Member of the Assembly of Madrid
- Incumbent
- Assumed office 7 June 2011

Personal details
- Born: María Eugenia Carballedo Berlanga 4 September 1971 (age 55) Madrid, Spain
- Party: PP
- Education: Complutense University of Madrid

= Eugenia Carballedo =

Spanish politician (born 1971)

María Eugenia Carballedo Berlanga (born 4 September 1971) is a Spanish politician from the People's Party (PP), serving as a president of the Assembly of Madrid since 2021.

== Biography ==
Born in Madrid, Carballedo graduated in Law from the Complutense University of Madrid and obtained a Master's degree in European Law from KU Leuven. Carballedo worked in the office of the Ombudsman before becoming PP's executive secretary of Justice.

In May 2008, Carballedo was designated to fill the seat of Eduardo Zaplana in the Congress of Deputies after he resigned to join the board of directors of Telefónica. She didn't revalidate her seat in the X Legislature, instead opting to run in the 2011 Madrilenian regional election, as 29th in the PP party list.
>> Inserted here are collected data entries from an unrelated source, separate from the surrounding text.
(* Let $R$ be a t-unital ring and $Q$ a left $R$-module. Then the following are equivalent: (1) $Q$ is c-projective; (2) the c-unital left $R$-module $\mathrm{Hom}_R(R,Q)$ is c-projective; (3) the t-unital left $R$-module $R\otimes_R Q$ is c-projective.
   Context: Rings are associative, not necessarily unital; modules are not assumed unital. $R$ is t-unital if $R\otimes_R R\to R$ is an isomorphism. A left $R$-module $M$ is t-unital if $R\otimes_R M\to M$, $r\otimes m\mapsto rm$, is an isomorphism; a left module $P$ is c-unital if $P\to\mathrm{Hom}_R(R,P)$, $p\mapsto(r\mapsto rp)$, is an isomorphism. For t-unital $R$ the category $R\text{-}{}^{c}\mathsf{Mod}$ of c-unital left $R$-modules is abelian. A left $R$-module $Q$ (not necessarily c-unital) is c-projective if $\mathrm{Hom}_R(Q,{-})\colon R\text{-}{}^{c}\mathsf{Mod}\to\mathsf{Ab}$ takes cokernels in $R\text{-}{}^{c}\mathsf{Mod}$ to cokernels of abelian groups. *)

From HB Require Import structures.
From mathcomp Require Import all_boot all_algebra.
From mathcomp Require Import boolp.

Set Implicit Arguments.
Unset Strict Implicit.
Unset Printing Implicit Defensive.
Import GRing.Theory.
Local Open Scope ring_scope.

Record nuRing := NuRing {
  nu_car :> zmodType;
  nu_mul : nu_car -> nu_car -> nu_car;
  nu_mulA : forall x y z, nu_mul x (nu_mul y z) = nu_mul (nu_mul x y) z;
  nu_mulDl : forall x y z, nu_mul (x + y) z = nu_mul x z + nu_mul y z;
  nu_mulDr : forall x y z, nu_mul x (y + z) = nu_mul x y + nu_mul x z }.

Record lmod (R : nuRing) := LMod {
  lm_car :> zmodType;
  lm_act : R -> lm_car -> lm_car;
  lm_actA : forall r s m, lm_act (nu_mul r s) m = lm_act r (lm_act s m);
  lm_actDl : forall r s m, lm_act (r + s) m = lm_act r m + lm_act s m;
  lm_actDr : forall r m n, lm_act r (m + n) = lm_act r m + lm_act r n }.

Arguments lm_act {R} _ _ _.

Section Basics.
Variable R : nuRing.

Definition is_hom (M N : lmod R) (f : M -> N) : Prop :=
  (forall x y, f (x + y) = f x + f y) /\
  (forall r x, f (lm_act M r x) = lm_act N r (f x)).

Lemma reg_actA (r s m : R) : nu_mul (nu_mul r s) m = nu_mul r (nu_mul s m).
Proof. by rewrite nu_mulA. Qed.

Definition regmod : lmod R :=
  @LMod R R (@nu_mul R) reg_actA (@nu_mulDl R) (@nu_mulDr R).

Lemma nu_mul0r (x : R) : nu_mul 0 x = 0.
Proof.
by apply: (addrI (nu_mul 0 x)); rewrite addr0 -nu_mulDl addr0.
Qed.

Lemma nu_mulr0 (x : R) : nu_mul x 0 = 0.
Proof.
by apply: (addrI (nu_mul x 0)); rewrite addr0 -nu_mulDr addr0.
Qed.

Lemma nu_mulNr (x y : R) : nu_mul (- x) y = - nu_mul x y.
Proof. by apply/eqP; rewrite -subr_eq0 opprK -nu_mulDl addNr nu_mul0r. Qed.

Lemma lm_act0 (M : lmod R) (r : R) : lm_act M r 0 = 0.
Proof.
by apply: (addrI (lm_act M r 0)); rewrite addr0 -lm_actDr addr0.
Qed.

Lemma lm_actN (M : lmod R) (r : R) (m : M) : lm_act M r (- m) = - lm_act M r m.
Proof. by apply/eqP; rewrite -subr_eq0 opprK -lm_actDr addNr lm_act0. Qed.

End Basics.
Arguments is_hom {R} M N f.
Arguments regmod : clear implicits.

Section HomR.
Variables (R : nuRing) (Q : lmod R).

Definition homR_type := {f : R -> Q | is_hom (regmod R) Q f}.
HB.instance Definition _ := gen_eqMixin homR_type.
HB.instance Definition _ := gen_choiceMixin homR_type.

Lemma homR_ext (f g : homR_type) : (forall r, sval f r = sval g r) -> f = g.
Proof.
case: f g => [f pf] [g pg] /= fg; have efg : f = g by apply: funext.
by case: _ / efg in pg *; congr exist; apply: Prop_irrelevance.
Qed.

Lemma homR0_prop : is_hom (regmod R) Q (fun _ => 0).
Proof. by split=> *; rewrite ?addr0 ?lm_act0. Qed.

Lemma homRadd_prop (f g : homR_type) :
  is_hom (regmod R) Q (fun r => sval f r + sval g r).
Proof.
case: f g => [f [fD fL]] [g [gD gL]] /=; split=> *.
  by rewrite fD gD addrACA.
by rewrite fL gL lm_actDr.
Qed.

Lemma homRopp_prop (f : homR_type) : is_hom (regmod R) Q (fun r => - sval f r).
Proof.
case: f => [f [fD fL]] /=; split=> *; first by rewrite fD opprD.
by rewrite fL lm_actN.
Qed.

Definition homR0 : homR_type := exist _ _ homR0_prop.
Definition homRadd (f g : homR_type) : homR_type := exist _ _ (homRadd_prop f g).
Definition homRopp (f : homR_type) : homR_type := exist _ _ (homRopp_prop f).

Lemma homR_addA : associative homRadd.
Proof. by move=> f g h; apply: homR_ext => r /=; rewrite addrA. Qed.
Lemma homR_addC : commutative homRadd.
Proof. by move=> f g; apply: homR_ext => r /=; rewrite addrC. Qed.
Lemma homR_add0 : left_id homR0 homRadd.
Proof. by move=> f; apply: homR_ext => r /=; rewrite add0r. Qed.
Lemma homR_addN : left_inverse homR0 homRopp homRadd.
Proof. by move=> f; apply: homR_ext => r /=; rewrite addNr. Qed.

HB.instance Definition _ := GRing.isZmodule.Build homR_type
  homR_addA homR_addC homR_add0 homR_addN.

Lemma homRact_prop (s : R) (f : homR_type) :
  is_hom (regmod R) Q (fun r => sval f (nu_mul r s)).
Proof.
case: f => [f [fD fL]] /=; split=> *; first by rewrite nu_mulDl fD.
by rewrite -fL /= nu_mulA.
Qed.

Definition homRact (s : R) (f : homR_type) : homR_type :=
  exist _ _ (homRact_prop s f).

Lemma homR_actA r s (f : homR_type) :
  homRact (nu_mul r s) f = homRact r (homRact s f).
Proof. by apply: homR_ext => t /=; rewrite nu_mulA. Qed.
Lemma homR_actDl r s (f : homR_type) :
  homRact (r + s) f = homRact r f + homRact s f.
Proof.
apply: homR_ext => t /=; case: f => [f [fD fL]] /=; by rewrite nu_mulDr fD.
Qed.
Lemma homR_actDr r (f g : homR_type) :
  homRact r (f + g) = homRact r f + homRact r g.
Proof. by apply: homR_ext. Qed.

Definition HomR : lmod R :=
  @LMod R homR_type homRact homR_actA homR_actDl homR_actDr.

End HomR.

(* The tensor product R (x)_R M of the right R-module R with a left module  *)
(* M, as the free commutative monoid on R * M (finite formal sums of        *)
(* r (x) m, represented by lists) modulo the congruence generated by        *)
(*   0 (x) m = 0,  (r + s) (x) m = r (x) m + s (x) m,                        *)
(*   r (x) (m + n) = r (x) m + r (x) n,  (r s) (x) m = r (x) (s m).          *)
(* (The quotient monoid is a group, -(r (x) m) = (-r) (x) m, hence it is the *)
(* usual tensor product of abelian groups.)  It is a left R-module via      *)
(* s (r (x) m) = (s r) (x) m.                                                *)
Section Tensor.
Variables (R : nuRing) (M : lmod R).

Definition tgen := seq (R * M).

Inductive trel : tgen -> tgen -> Prop :=
| trel_refl l : trel l l
| trel_sym l1 l2 : trel l1 l2 -> trel l2 l1
| trel_trans l1 l2 l3 : trel l1 l2 -> trel l2 l3 -> trel l1 l3
| trel_cat l1 l2 l1' l2' : trel l1 l2 -> trel l1' l2' -> trel (l1 ++ l1') (l2 ++ l2')
| trel_comm l1 l2 : trel (l1 ++ l2) (l2 ++ l1)
| trel_zero m : trel [:: (0, m)] [::]
| trel_addl r s m : trel [:: (r + s, m)] [:: (r, m); (s, m)]
| trel_addr r m n : trel [:: (r, m + n)] [:: (r, m); (r, n)]
| trel_bal r s m : trel [:: (nu_mul r s, m)] [:: (r, lm_act M s m)].

Definition tens_type := {C : tgen -> Prop | exists l, C = trel l}.
HB.instance Definition _ := gen_eqMixin tens_type.
HB.instance Definition _ := gen_choiceMixin tens_type.

Definition tclass (l : tgen) : tens_type := exist _ (trel l) (ex_intro _ l erefl).
Definition trepr (x : tens_type) : tgen := projT1 (cid (svalP x)).

Lemma treprK x : tclass (trepr x) = x.
Proof.
rewrite /trepr; case: (cid _) => l /= el; case: x el => C pC /= el.
by subst C; congr exist; apply: Prop_irrelevance.
Qed.

Lemma tclass_eq l1 l2 : trel l1 l2 -> tclass l1 = tclass l2.
Proof.
move=> h; have e : trel l1 = trel l2.
  apply: funext => l; apply: propext; split=> h'.
    exact: trel_trans (trel_sym h) h'.
  exact: trel_trans h h'.
exact: eq_exist.
Qed.

Lemma trel_repr l : trel (trepr (tclass l)) l.
Proof.
rewrite /trepr; case: (cid _) => l' /= el.
by have := trel_refl l; rewrite {1}el.
Qed.

Lemma trel_catl l l1 l2 : trel l1 l2 -> trel (l ++ l1) (l ++ l2).
Proof. by move=> h; apply: trel_cat (trel_refl _) h. Qed.
Lemma trel_catr l l1 l2 : trel l1 l2 -> trel (l1 ++ l) (l2 ++ l).
Proof. by move=> h; apply: trel_cat h (trel_refl _). Qed.

Lemma trel_swap_mid a b c d : trel (a ++ b ++ c ++ d) (a ++ c ++ b ++ d).
Proof. by apply: trel_catl; rewrite !catA; apply: trel_catr; apply: trel_comm. Qed.

Lemma trel_map3 (f g h : R * M -> R * M) :
  (forall x, trel [:: f x] [:: g x; h x]) ->
  forall l, trel (map f l) (map g l ++ map h l).
Proof.
move=> fgh; elim=> [|x l IH] /=; first exact: trel_refl.
apply: (@trel_trans _ ([:: g x; h x] ++ (map g l ++ map h l))).
  exact: trel_cat (fgh x) IH.
by have := trel_swap_mid [:: g x] [:: h x] (map g l) (map h l).
Qed.

Lemma trel_map0 (f : R * M -> R * M) :
  (forall x, trel [:: f x] [::]) -> forall l, trel (map f l) [::].
Proof.
move=> f0; elim=> [|x l IH] /=; first exact: trel_refl.
by have := trel_cat (f0 x) IH.
Qed.

Definition tneg (x : R * M) : R * M := (- x.1, x.2).
Definition tscal (s : R) (x : R * M) : R * M := (nu_mul s x.1, x.2).

Lemma trel_map (f : R * M -> R * M) :
  (forall m, trel [:: f (0, m)] [::]) ->
  (forall r s m, trel [:: f (r + s, m)] [:: f (r, m); f (s, m)]) ->
  (forall r m n, trel [:: f (r, m + n)] [:: f (r, m); f (r, n)]) ->
  (forall r s m, trel [:: f (nu_mul r s, m)] [:: f (r, lm_act M s m)]) ->
  forall l1 l2, trel l1 l2 -> trel (map f l1) (map f l2).
Proof.
move=> h0 hl hr hb l1 l2; elim=> /=.
- by move=> l; apply: trel_refl.
- by move=> ? ? _ h; apply: trel_sym.
- by move=> ? ? ? _ h1 _ h2; apply: trel_trans h1 h2.
- by move=> ? ? ? ? _ h1 _ h2; rewrite !map_cat; apply: trel_cat.
- by move=> ? ?; rewrite !map_cat; apply: trel_comm.
- exact: h0.
- exact: hl.
- exact: hr.
- exact: hb.
Qed.

Lemma trel_neg l1 l2 : trel l1 l2 -> trel (map tneg l1) (map tneg l2).
Proof.
apply: trel_map => [m|r s m|r m n|r s m]; rewrite /tneg /= ?oppr0.
- exact: trel_zero.
- by rewrite opprD; apply: trel_addl.
- exact: trel_addr.
- by rewrite -nu_mulNr; apply: trel_bal.
Qed.

Lemma trel_scal s l1 l2 : trel l1 l2 -> trel (map (tscal s) l1) (map (tscal s) l2).
Proof.
apply: trel_map => [m|r t m|r m n|r t m]; rewrite /tscal /= ?nu_mulr0.
- exact: trel_zero.
- by rewrite nu_mulDr; apply: trel_addl.
- exact: trel_addr.
- by rewrite nu_mulA; apply: trel_bal.
Qed.

Definition tens0 : tens_type := tclass [::].
Definition tensadd (x y : tens_type) : tens_type := tclass (trepr x ++ trepr y).
Definition tensopp (x : tens_type) : tens_type := tclass (map tneg (trepr x)).

Lemma tens_addA : associative tensadd.
Proof.
move=> x y z; apply: tclass_eq.
apply: trel_trans (trel_catl _ (trel_repr _)) _; rewrite catA.
by apply: trel_catr; apply: trel_sym; apply: trel_repr.
Qed.

Lemma tens_addC : commutative tensadd.
Proof. by move=> x y; apply: tclass_eq; apply: trel_comm. Qed.

Lemma tens_add0 : left_id tens0 tensadd.
Proof.
move=> x; rewrite -[RHS]treprK; apply: tclass_eq.
by have := trel_catr (trepr x) (trel_repr [::]).
Qed.

Lemma tens_addN : left_inverse tens0 tensopp tensadd.
Proof.
move=> x; apply: tclass_eq; apply: trel_trans (trel_catr _ (trel_repr _)) _.
apply: (@trel_trans _ (map (fun p => (0, p.2)) (trepr x))).
  apply: trel_sym; rewrite -[X in _ ++ X]map_id.
  by apply: trel_map3 => -[r m] /=; rewrite -(addNr r); apply: trel_addl.
by apply: trel_map0 => -[r m]; apply: trel_zero.
Qed.

HB.instance Definition _ := GRing.isZmodule.Build tens_type
  tens_addA tens_addC tens_add0 tens_addN.

Definition tensact (s : R) (x : tens_type) : tens_type :=
  tclass (map (tscal s) (trepr x)).

Lemma tens_actA r s x : tensact (nu_mul r s) x = tensact r (tensact s x).
Proof.
apply: tclass_eq; apply: trel_trans (trel_scal r (trel_sym (trel_repr _))).
by rewrite -map_comp; apply: eq_ind (trel_refl _) _ _;
  apply: eq_map => -[t m]; rewrite /tscal /= nu_mulA.
Qed.

Lemma tens_actDl r s x : tensact (r + s) x = tensact r x + tensact s x.
Proof.
apply: tclass_eq; apply: trel_sym.
apply: trel_trans (trel_cat (trel_repr _) (trel_repr _)) _.
apply: trel_sym; apply: trel_map3 => -[t m]; rewrite /tscal /= nu_mulDl.
exact: trel_addl.
Qed.

Lemma tens_actDr r x y : tensact r (x + y) = tensact r x + tensact r y.
Proof.
apply: tclass_eq; apply: trel_trans (trel_scal r (trel_repr _)) _.
rewrite map_cat; apply: trel_sym.
exact: trel_cat (trel_repr _) (trel_repr _).
Qed.

Definition Tens : lmod R :=
  @LMod R tens_type tensact tens_actA tens_actDl tens_actDr.

(* The map R (x)_R M -> M, r (x) m |-> r m (computed on a representative;
   it does not depend on the representative). *)
Definition tens_mult (x : Tens) : M :=
  \sum_(p <- trepr x) lm_act M p.1 p.2.

End Tensor.

Section Unital.
Variable R : nuRing.

Definition tunital (M : lmod R) : Prop := bijective (@tens_mult R M).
She was elected, and in 2014 she was named Deputy Minister of Employment of the regional government.

She was her party's nominee for mayor of Leganés in the 2015 municipal elections but didn't take possession after losing half of the council seats obtained in the 2011 election.

After the 2019 election, she was elevated to the post of Cabinet Minister of the Presidency of the Community of Madrid, also taking over as acting Cabinet Minister of Sports and Transparency in March 2021, following the expulsion of the Ciudadanos cabinet members from the government.

Following the dissolution of the Assembly and the 2021 snap election, Carballedo was elected President of the chamber with the support of Vox.

She was elected to the 15th Congress of Deputies in the 2023 Spanish general election from Madrid.